The impact is so considerable that diabetes fatigue is recognized as a significant barrier to maintaining health behaviors like regular exercise.

Common Causes of Diabetes Fatigue

Understanding what fuels your fatigue is critical for effective management. Here are some primary contributors:

  • High blood sugar (hyperglycemia): Can make you feel sluggish. Commonly occurs if diabetes is not well controlled.
  • Low blood sugar (hypoglycemia): Can cause tiredness along with symptoms such as dizziness, shaking, and headaches.
  • Diabetes complications: Issues like kidney disease, infections, sleep problems, and cardiovascular conditions can intensify fatigue.
  • Medication side effects: Some diabetes drugs may cause tiredness or contribute to vitamin deficiencies (e.g., metformin and vitamin B12 deficiency).
Common Symptoms Associated with Diabetes Fatigue
SymptomAssociated Condition
Excessive tiredness, fatigueHigh/low blood sugar, diabetes complications
Sluggish or lethargic moodHigh blood sugar
Dizziness, shakingLow blood sugar
Blurred visionHyper- or hypoglycemia
Weight lossHigh blood sugar
Decreased motivationChronic fatigue

How to Cope with Diabetes Fatigue

While diabetes fatigue is real and challenging, there are several steps you can take to lessen its hold, improve your well-being, and safely work in exercise.
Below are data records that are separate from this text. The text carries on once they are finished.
(* Let $(r_n)_{n\in\mathbb N}\subset L^0_+$ with $r_n\neq0$ for all $n$, and suppose that the set $\{\sup_{n\in\mathbb N}r_n>0\}$ is atomless (contains no atom of $\mathbb P$). Then there exists $r\in L^0_{++}$ such that $\mathbb P(r_n\ge r)>0$ for all $n\in\mathbb N$.
   Context: $(\Omega,\mathcal F,\mathbb P)$ is a probability space, $L^0$ the real-valued measurable functions modulo a.e. equality with a.e. order, $L^0_+=\{r\ge0\}$, $L^0_{++}=\{r>0\text{ a.e.}\}$; $\sup$ denotes the essential supremum. $r_n\ne0$ means $\mathbb P(r_n\ne 0)>0$. *)

From Stdlib Require Import Reals.
Open Scope R_scope.

Definition event (Omega : Type) := Omega -> Prop.

Record ProbSpace (Omega : Type) := {
  meas : event Omega -> Prop;
  prob : event Omega -> R;
  meas_full : meas (fun _ => True);
  meas_compl : forall A, meas A -> meas (fun w => ~ A w);
  meas_cunion : forall A : nat -> event Omega,
      (forall n, meas (A n)) -> meas (fun w => exists n, A n w);
  prob_nonneg : forall A, meas A -> 0 <= prob A;
  prob_full : prob (fun _ => True) = 1;
  prob_sigma_additive : forall A : nat -> event Omega,
      (forall n, meas (A n)) ->
      (forall m n, m <> n -> forall w, A m w -> A n w -> False) ->
      Un_cv (fun N => sum_f_R0 (fun n => prob (A n)) N)
            (prob (fun w => exists n, A n w))
}.

Arguments meas {Omega} _ _.
Arguments prob {Omega} _ _.

(* F-measurable real random variables (elements of L^0, via representatives). *)
Definition measurable_fun {Omega : Type} (PS : ProbSpace Omega) (f : Omega -> R) : Prop :=
  forall a : R, meas PS (fun w => f w <= a).

Definition is_atom {Omega : Type} (PS : ProbSpace Omega) (A : event Omega) : Prop :=
  meas PS A /\ 0 < prob PS A /\
  forall B, meas PS B -> (forall w, B w -> A w) ->
            prob PS B = 0 \/ prob PS B = prob PS A.

Definition atomless {Omega : Type} (PS : ProbSpace Omega) (S : event Omega) : Prop :=
  ~ exists A, is_atom PS A /\ (forall w, A w -> S w).

From Stdlib Require Import Reals Lra Lia Wf_nat Classical FunctionalExtensionality
  PropExtensionality ConstructiveEpsilon ClassicalEpsilon.
Open Scope R_scope.

(* Each r_k exceeds some level d_k > 0 with positive probability.  Since the
   sets {d_k < r_k} lie in the atomless set {sup_n r_n > 0}, they contain
   subsets D_k of positive probability at most 2^-k.  By Borel-Cantelli almost
   every w lies in only finitely many D_k, i.e. leaves the tails
   T_m = U_{j >= m} D_j; put s(w) = min_{k <= m} d_k for the first m with
   w outside T_m.  Then s > 0 a.s., and on D_n the first exit happens after n,
   so s <= d_n < r_n on D_n. *)

Lemma sum_pow_half (N : nat) : sum_f_R0 (fun n => (/2)^n) N = 2 - (/2)^N.
Proof. induction N as [|N IH]; simpl sum_f_R0; [simpl; lra |]. rewrite IH; simpl; lra. Qed.

Fixpoint prefix_min (d : nat -> R) (n : nat) : R :=
  match n with
  | 0%nat => d 0%nat
  | S m => Rmin (prefix_min d m) (d (S m))
  end.

Lemma prefix_min_pos (d : nat -> R) : (forall k, 0 < d k) -> forall n, 0 < prefix_min d n.
Proof. intros Hd n; induction n; simpl; auto using Rmin_glb_lt. Qed.

Lemma prefix_min_le (d : nat -> R) (n : nat) : prefix_min d n <= d n.
Proof. destruct n; simpl; [lra | apply Rmin_r]. Qed.

Lemma prefix_min_antitone (d : nat -> R) (m n : nat) :
  (m <= n)%nat -> prefix_min d n <= prefix_min d m.
Proof.
  induction 1; simpl; [lra |].
  eapply Rle_trans; [apply Rmin_l | auto].
Qed.

Section ProbabilitySpace.

Context {Omega : Type} (PS : ProbSpace Omega).

Lemma event_ext (A B : event Omega) : (forall w, A w <-> B w) -> A = B.
Proof.
  intro H; apply functional_extensionality; intro w.
  apply propositional_extensionality; auto.
Qed.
  • Monitor your blood sugar levels consistently to identify triggers and patterns related to fatigue.
  • Prioritize sleep quality: Aim for 6–9 hours of restful sleep each night. Keep a cool, dark room and follow a regular bedtime routine.
  • Manage stress levels through relaxation techniques such as meditation and deep breathing exercises.
  • Balance your meals for steady energy. Focus on fiber, protein, and healthy fats while moderating carbs.
  • Adapt your medication if you suspect it’s contributing to tiredness (discuss with your healthcare provider).
  • Seek support for other health issues like sleep apnea, depression, anemia, or thyroid imbalances, which can exaggerate fatigue.

Above all, remember that managing diabetes and fatigue is not about perfection but about gradual, consistent effort and self-compassion.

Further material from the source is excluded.